[Update 2014-11-04: The Analytics Warehouse service on Bluemix is now called dashDB]
For my small exercise I used data provided by the German Meteorological Service "Deutscher Wetterdienst". It allows to freely download and use (under some conditions) data from several decades of weather observation. I uploaded the data to DB2/Bluemix as described in my previous post.
Bluemix: Change DB2 column name and type |
The DB2 Cloud environment provides several examples for programming in R, a special function library "bluR" to easily connect R with DB2-based data, and it features the RStudio to develop, test, and execute code in R. Within RStudio it is possible to execute several demos to learn more about analytics, graphing, and data processing. For the DB2 in-memory database API for R there is a demo as well. You can invoke it using the "demo(blur)" command:
DB2 API demo for R in RStudio |
For escaping quotes in #SQL statements for #DB2 in #RStudio/#rstats use C style, not SQL. (from my #Bluemix tests) pic.twitter.com/XslDgxZU7L
— Henrik Loeser (@data_henrik) August 29, 2014
The data set which I uploaded to DB2 has daily minimum and maximum temperatures (and lots of other meteorological) for about 70 years. I used a SQL query and then the ggplot2 library to create a graphic. It shows the band for the minimum temperatures for each September day as well as the band for the maximum daily temperatures.

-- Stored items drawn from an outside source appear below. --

Lemma is_RInt_cos_sin_period (m : Z) (x y : R) : m <> 0%Z ->
  is_RInt (fun t => x * cos (IZR m * t) - y * sin (IZR m * t)) 0 (2 * PI) 0.
Proof.
  intros Hm. apply not_0_IZR in Hm.
  set (F := fun t => (x * sin (IZR m * t) + y * cos (IZR m * t)) / IZR m).
  assert (Hperiod : F (2 * PI) = F 0).
  { assert (Hs : sin (IZR m * (2 * PI)) = 0).
    { apply sin_eq_0_1. exists (2 * m)%Z. rewrite mult_IZR. ring. }
    assert (Hc : cos (IZR m * (2 * PI)) = 1).
    { replace (IZR m * (2 * PI)) with (2 * (IZR m * PI)) by ring.
      rewrite cos_2a_sin, (sin_eq_0_1 (IZR m * PI)) by (exists m; reflexivity). ring. }
    unfold F. rewrite Hs, Hc, (Rmult_0_r (IZR m)), sin_0, cos_0. f_equal; ring. }
  assert (Hzero : minus (F (2 * PI)) (F 0) = 0)
    by (rewrite Hperiod; unfold minus, plus, opp; simpl; ring).
  rewrite <- Hzero at 2. apply (@is_RInt_derive R_CompleteNormedModule).
  - intros t _. unfold F. auto_derive; trivial. field. exact Hm.
  - intros t _. apply (@ex_derive_continuous R_AbsRing R_NormedModule). auto_derive. trivial.
Qed.

Lemma exists_unit_rotation (w : C) : exists c : C, Cmod c <= 1 /\ fst (c * w)%C = Cmod w.
Proof.
  destruct (Req_dec (Cmod w) 0) as [H0|H0].
  - exists (RtoC 0). rewrite Cmod_0, H0. split; [lra|]. simpl. ring.
  - exists (/ Cmod w * Cconj w)%C. split.
    + assert (Hw : RtoC (Cmod w) <> 0%C) by (intro E; apply H0; now injection E).
      rewrite Cmod_mult, Cmod_conj, Cmod_inv, Cmod_R, Rabs_pos_eq, Rinv_l by
        (assumption || apply Cmod_ge_0).
      lra.
    + rewrite <- Cmult_assoc, (Cmult_comm (Cconj w)), <- Cmod2_conj. simpl. field. exact H0.
Qed.

Lemma le_M1 (f : C -> C) (r x : R) :
  2 * PI * x <= RInt (fun t => Cmod (f (polar r t))) 0 (2 * PI) -> x <= M1 f r.
Proof.
  intros H. pose proof PI_RGT_0. unfold M1.
  apply (Rmult_le_reg_l (2 * PI)); [lra|].
  rewrite <- (Rmult_assoc (2 * PI) (/ (2 * PI))), Rinv_r, Rmult_1_l by lra. exact H.
Qed.

Lemma M1_le (f : C -> C) (r x : R) :
  RInt (fun t => Cmod (f (polar r t))) 0 (2 * PI) <= 2 * PI * x -> M1 f r <= x.
Proof.
  intros H. pose proof PI_RGT_0. unfold M1.
  apply (Rmult_le_reg_l (2 * PI)); [lra|].
  rewrite <- (Rmult_assoc (2 * PI) (/ (2 * PI))), Rinv_r, Rmult_1_l by lra. exact H.
Qed.

Section Circle.

Variables (a : nat -> C) (r : R).
Hypothesis r_pos : 0 < r.

Definition circle_sum (N : nat) (t : R) : C :=
  sum_n (fun j => a j * polar (r ^ j) (INR j * t))%C N.

(* Convergence at radius [2 r] makes the terms at radius [r] geometrically small. *)
Lemma circle_sum_geom_tail (f : C -> C) : entire_with_coeffs a f ->
  exists J, forall N t, (J <= N)%nat -> Cmod (f (polar r t) - circle_sum N t) <= (/2) ^ N.
Proof.
  intros Hf. destruct (is_series_terms_bounded _ _ (Hf (polar (2 * r) 0))) as [J HJ].
  exists J. intros N t HN. unfold circle_sum.
  rewrite <- (sum_n_ext (fun j => scal (pow_n (polar r t) j) (a j)))
    by (intros; exact (power_term_polar _ _ _ _)).
  apply is_series_geom_tail; [apply Hf|]. intros j Hj.
  specialize (HJ j ltac:(lia)). simpl in HJ.
  rewrite power_term_polar, Cmod_mul_polar, Rpow_mult_distr in HJ
    by (apply pow_le; lra).
  rewrite power_term_polar, Cmod_mul_polar, pow_inv by (apply pow_le; lra).
  assert (H2j : 0 < 2 ^ j) by (apply pow_lt; lra).
  apply (Rmult_le_reg_l (2 ^ j)); [exact H2j|]. rewrite Rinv_r by lra. lra.
Qed.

DB2 with R: Historic September temperatures |
1: ########### R script to analyze historic weather data for min/max values
2: ## Written by Henrik Loeser
3: ## Connection handle con to BLU for Cloud data warehouse is provided already
4: ## For plotting, we are using ggplot2 package
5: ##
6: library(ggplot2)
7: library(bluR)
8:
9: ## initialize DB2 connection and environment
10: con <- bluConnect("BLUDB","","")
11: bluAnalyticsInit(con)
12:
13: ## query DB2 weather data and fetch min/max values of min/max values
14: ## (lower/upper boundary each)
15: query<-paste('select max(lufttemperatur_maximum) as maxmax,min(lufttemperatur_minimum) as minmin,min(lufttemperatur_maximum) as minmax,max(lufttemperatur_minimum) as maxmin,tag from (select lufttemperatur_maximum, lufttemperatur_minimum, day(mdatum) as tag from blu01023.klima where month(mdatum)=9) group by tag order by tag asc')
16: df <- bluQuery(query,as.is=F)
17:
18: ## Some plotting needs to be done
19: jpeg(type='cairo',"tempe.jpg",width=800,height=600)
20: ggplot(df, aes(x = TAG))+ylab("Temperature")+xlab("Day")+
21: geom_ribbon(aes(ymin = MINMIN, ymax=MAXMIN), fill='blue')+
22: geom_ribbon(aes(ymin = MAXMAX, ymax=MINMAX), fill='red')+
23: geom_ribbon(aes(ymin = MAXMIN, ymax=MINMAX), fill='white')+
24: geom_line(aes(y = MINMIN), colour = 'black') +
25: geom_line(aes(y = MAXMIN), colour = 'black') +
26: geom_line(aes(y = MINMAX), colour = 'black') +
27: geom_line(aes(y = MAXMAX), colour = 'black')
28:
29: sink('/dev/null')
30:
31: bluClose(con)
32: ## connection is closed, we are done
Pretty cool (my opinion)! I am already turning into a data scientist. And you can test this yourself on IBM Bluemix with the Analytics Warehouse service (DB2 in-memory database feature).